The field relates to the structure of a cylinder for opposed-piston engines. More specifically the field is directed to strengthening and cooling cylinder liners for such engines.

BACKGROUND OF THE DISCLOSURE

The cylinder of an opposed-piston engine is constituted of a liner (sometimes called a “sleeve”) retained in a cylinder tunnel formed in a cylinder block. The liner includes a bore and longitudinally displaced intake and exhaust ports, machined or formed in the liner near respective ends thereof. Each of the intake and exhaust ports includes one or more circumferential arrays of openings in which adjacent openings are separated by a solid portion of the cylinder wall (also called a “bridge”). In some descriptions, each opening is referred to as a “port”; however, the construction of a circumferential array of such “ports” is no different than the port constructions discussed herein.

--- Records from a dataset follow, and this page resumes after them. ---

(* chi z Rs S = Pr[chi(Rs) = S] for the scheme applied with vector z *)
Definition monotone_balanced_CRS (R : realFieldType) n (beta gamma : R)
  (F : {set {set 'I_n}}) (chi : ('I_n -> R) -> {set 'I_n} -> {set 'I_n} -> R) :=
  forall z : 'I_n -> R, in_scaledP beta F z ->
  [/\ forall Rs S, 0 <= chi z Rs S,
      forall Rs, \sum_(S : {set 'I_n}) chi z Rs S = 1,
      forall Rs S, chi z Rs S != 0 -> S \subset Rs /\ S \in F,
      (* Pr[i \in chi(R) | i \in R] >= gamma, written without division *)
      forall i, gamma * z i <=
         \sum_(Rs : {set 'I_n} | i \in Rs) bern_set z Rs * pr_in (chi z) Rs i
    & forall i (Rs Rs' : {set 'I_n}), i \in Rs -> Rs \subset Rs' ->
         pr_in (chi z) Rs' i <= pr_in (chi z) Rs i].

Definition ybar (R : realFieldType) n C (y : 'I_n -> 'I_C.+1 -> R) (i : 'I_n) : R :=
  \sum_(t : 'I_C.+1) y i t.

(* Pr[t = tt] where t(i) ~ y(i,.)/ybar(i) independently for i \in S,
   and t(i) = 0 (dummy) for i \notin S *)
Definition time_w (R : realFieldType) n C (y : 'I_n -> 'I_C.+1 -> R)
  (S : {set 'I_n}) (tt : {ffun 'I_n -> 'I_C.+1}) : R :=
  \prod_(i < n) (if i \in S then y i (tt i) / ybar y i else (tt i == ord0)%:R).

Definition state_w (R : realFieldType) n B (p : 'I_n -> 'I_B.+1 -> R) (phi : vec n B) : R :=
  \prod_(i < n) p i (phi i).

Definition io_order n C (tt : {ffun 'I_n -> 'I_C.+1}) (S : {set 'I_n}) : seq 'I_n :=
  sort (fun i j : 'I_n => (tt i < tt j)%N || ((tt i == tt j) && (i <= j)%N)) (enum S).

Definition io_selected n B C (c : 'I_n -> 'I_B.+1 -> nat) (phi : vec n B)
  (tt : {ffun 'I_n -> 'I_C.+1}) (S : {set 'I_n}) : {set 'I_n} :=
  (foldl (fun (st : nat * {set 'I_n}) (i : 'I_n) =>
            if (st.1 <= tt i)%N then (st.1 + c i (phi i), i |: st.2)%N else st)
         (0%N, set0) (io_order tt S)).2.

(* f_avg(pi^io) : expectation over Phi, R^io, chi^io, t^io *)
Definition favg_io (R : realFieldType) n B C (f : vec n B -> R)
  (p : 'I_n -> 'I_B.+1 -> R) (c : 'I_n -> 'I_B.+1 -> nat)
  (y : 'I_n -> 'I_C.+1 -> R)
  (chi : ('I_n -> R) -> {set 'I_n} -> {set 'I_n} -> R) : R :=
  \sum_(phi : vec n B) state_w p phi *
  \sum_(Rs : {set 'I_n}) bern_set (ybar y) Rs *
  \sum_(S : {set 'I_n}) chi (ybar y) Rs S *
  \sum_(tt : {ffun 'I_n -> 'I_C.+1}) time_w y S tt *
     f (restrict phi (io_selected c phi tt S)).

Definition h_w (R : realFieldType) n B C (p : 'I_n -> 'I_B.+1 -> R)
  (y : 'I_n -> 'I_C.+1 -> R) (v : vec n B) : R :=
  \prod_(i < n) (if v i == ord0 then 1 - ybar y i else p i (v i) * ybar y i).

Definition Rv n B (v : vec n B) : {set 'I_n} := [set i | v i != ord0].

(* psi^a, given the sampled output S = chi(R(v)) *)
Definition psi_a n B (v : vec n B) (S : {set 'I_n}) : vec n B :=
  [ffun i => if i \in S then v i else ord0].

(* psi^b, given the sampled times tt *)
Definition psi_b n B C (c : 'I_n -> 'I_B.+1 -> nat) (v : vec n B)
  (tt : {ffun 'I_n -> 'I_C.+1}) : vec n B :=
  [ffun i => if (i \in Rv v) &&
      (\sum_(i' in Rv v | (i' != i) && (tt i' <= tt i)%N) c i' (v i') <= tt i)%N
     then v i else ord0].

Definition psi_c n B C (c : 'I_n -> 'I_B.+1 -> nat) (v : vec n B)
  (S : {set 'I_n}) (tt : {ffun 'I_n -> 'I_C.+1}) : vec n B :=
  [ffun i => if (psi_a v S i == v i) && (psi_b c v tt i == v i) then v i else ord0].

(* E_{v ~ h}[ f(psi^c(v)) ] (psi^a and psi^b use independent randomness) *)
Definition Eh_psi_c (R : realFieldType) n B C (f : vec n B -> R)
  (p : 'I_n -> 'I_B.+1 -> R) (c : 'I_n -> 'I_B.+1 -> nat)
  (y : 'I_n -> 'I_C.+1 -> R)
  (chi : ('I_n -> R) -> {set 'I_n} -> {set 'I_n} -> R) : R :=
  \sum_(v : vec n B) h_w p y v *
  \sum_(S : {set 'I_n}) chi (ybar y) (Rv v) S *
  \sum_(tt : {ffun 'I_n -> 'I_C.+1}) time_w y (Rv v) tt *
     f (psi_c c v S tt).

(* Couple the two experiments.  A vector v ~ h is the state vector Phi
   restricted to an independent Bernoulli(ybar) set R, so R(v) = R, and psi^a
   uses the same sample S = chi(R) as the policy.  psi^b draws times for all
   of R while the policy draws them only on S; restricting the former to S
   gives exactly the latter.  Under this coupling psi^c(v) <= Phi restricted
   to the items selected by pi^io: an item i kept by psi^b has total cost at
   most t(i) among the earlier items of R, and the policy's cost counter on
   reaching i only counts earlier items of S, a subset of R.  Monotonicity of
   f concludes. *)

From mathcomp Require Import all_boot all_order all_algebra.
From mathcomp Require Import zify.
Set Implicit Arguments. Unset Strict Implicit. Unset Printing Implicit Defensive.
Import Order.TTheory GRing.Theory Num.Theory.
Local Open Scope ring_scope.

Lemma sum_mul_eq_natr (R : pzSemiRingType) (T : finType) (F : T -> R) (a : T) :
  \sum_(s : T) F s * (s == a)%:R = F a.
Proof.
rewrite (bigD1 a) //= eqxx mulr1 big1 ?addr0 // => s /negbTE ->.
by rewrite mulr0.
Qed.

Lemma natr_eq_ffun (R : comPzSemiRingType) (I : finType) (T : eqType)
    (u v : {ffun I -> T}) :
  ((u == v)%:R : R) = \prod_i ((u i == v i)%:R : R).
Proof.
have [->|/eqP neq] := eqVneq u v; first by rewrite big1 // => i _; rewrite eqxx.
have [i /negbTE uvi|uv] := pickP (fun i => u i != v i).
  by rewrite (bigD1 i) //= uvi mul0r.
by case: neq; apply/ffunP => i; apply/eqP/negbFE/uv.
Qed.

Lemma sum_pushforward (R : comPzSemiRingType) (I J : finType) (w : I -> R)
    (g : I -> J) (F : J -> R) :
  \sum_x w x * F (g x) = \sum_y F y * \sum_x w x * (g x == y)%:R.
Proof.
transitivity (\sum_x \sum_y w x * (F y * (y == g x)%:R)).
  by apply: eq_bigr => x _; rewrite -big_distrr /= sum_mul_eq_natr.
rewrite exchange_big; apply: eq_bigr => y _; rewrite big_distrr.
by apply: eq_bigr => x _ /=; rewrite mulrCA eq_sym.
Qed.

Lemma sum_prod_ffun_pushforward (R : comPzSemiRingType) (I A T : finType)
    (w : I -> A -> R) (g : I -> A -> T) (b : {ffun I -> T}) :
  \sum_(a : {ffun I -> A}) \prod_i w i (a i) * ([ffun i => g i (a i)] == b)%:R =
  \prod_i \sum_(x : A) w i x * (g i x == b i)%:R.
Proof.
rewrite bigA_distr_bigA; apply: eq_bigr => a _.
by rewrite natr_eq_ffun -big_split; apply: eq_bigr => i _; rewrite ffunE.
Qed.

Lemma ler_wpM2l_nz (R : numDomainType) (x a b : R) :
  0 <= x -> (x != 0 -> a <= b) -> x * a <= x * b.
Proof.
move=> x_ge0 le_ab; have [->|/le_ab] := eqVneq x 0; first by rewrite !mul0r.
exact: ler_wpM2l.
Qed.

Lemma state_w_ge0 (R : realFieldType) n B (p : 'I_n -> 'I_B.+1 -> R) phi :
  (forall i s, 0 <= p i s) -> 0 <= state_w p phi.
Proof. by move=> p_ge0; apply: prodr_ge0. Qed.

Lemma bern_set_ge0 (R : realFieldType) n (z : 'I_n -> R) Rs :
  (forall i, 0 <= z i <= 1) -> 0 <= bern_set z Rs.
Proof.
move=> z01; apply: prodr_ge0 => i _.
by have /andP[z_ge0 z_le1] := z01 i; case: ifP; rewrite ?subr_ge0.
Qed.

Two pistons are disposed in opposition in a cylinder bore of an opposed-piston engine. The pistons reciprocate in mutually opposing directions in the bore, between respective top center (TC) and bottom center (BC) locations. An intermediate portion of the cylinder lying between the intake and exhaust ports bounds a combustion chamber defined between the end surfaces of the pistons when the pistons move through their TC locations. This intermediate portion bears the highest levels of combustion temperature and pressure that occur during engine operation, and the presence of openings for devices such as fuel injectors, valves, and/or sensors in the intermediate portion diminish its strength and make it vulnerable to cracking, particularly through the fuel and valve openings.

Practice as per the above-identified related US applications has been to strengthen and cool the cylinder by means of a compression sleeve that encircles and reinforces the intermediate portion of the liner. The compression sleeve includes an impingement cooling construction constituted of coolant jets arranged radially around the liner. The coolant jets are formed by drilling multiple holes through the compression sleeve. The holes accelerate a liquid coolant so that it strikes the liner at the point where cooling is most desired. The coolant then flows through machined channels cut into the liner that lead away from the intermediate portion, towards the two ends of the cylinder. This construction has been effective in controlling temperatures in the intermediate portion of the liner.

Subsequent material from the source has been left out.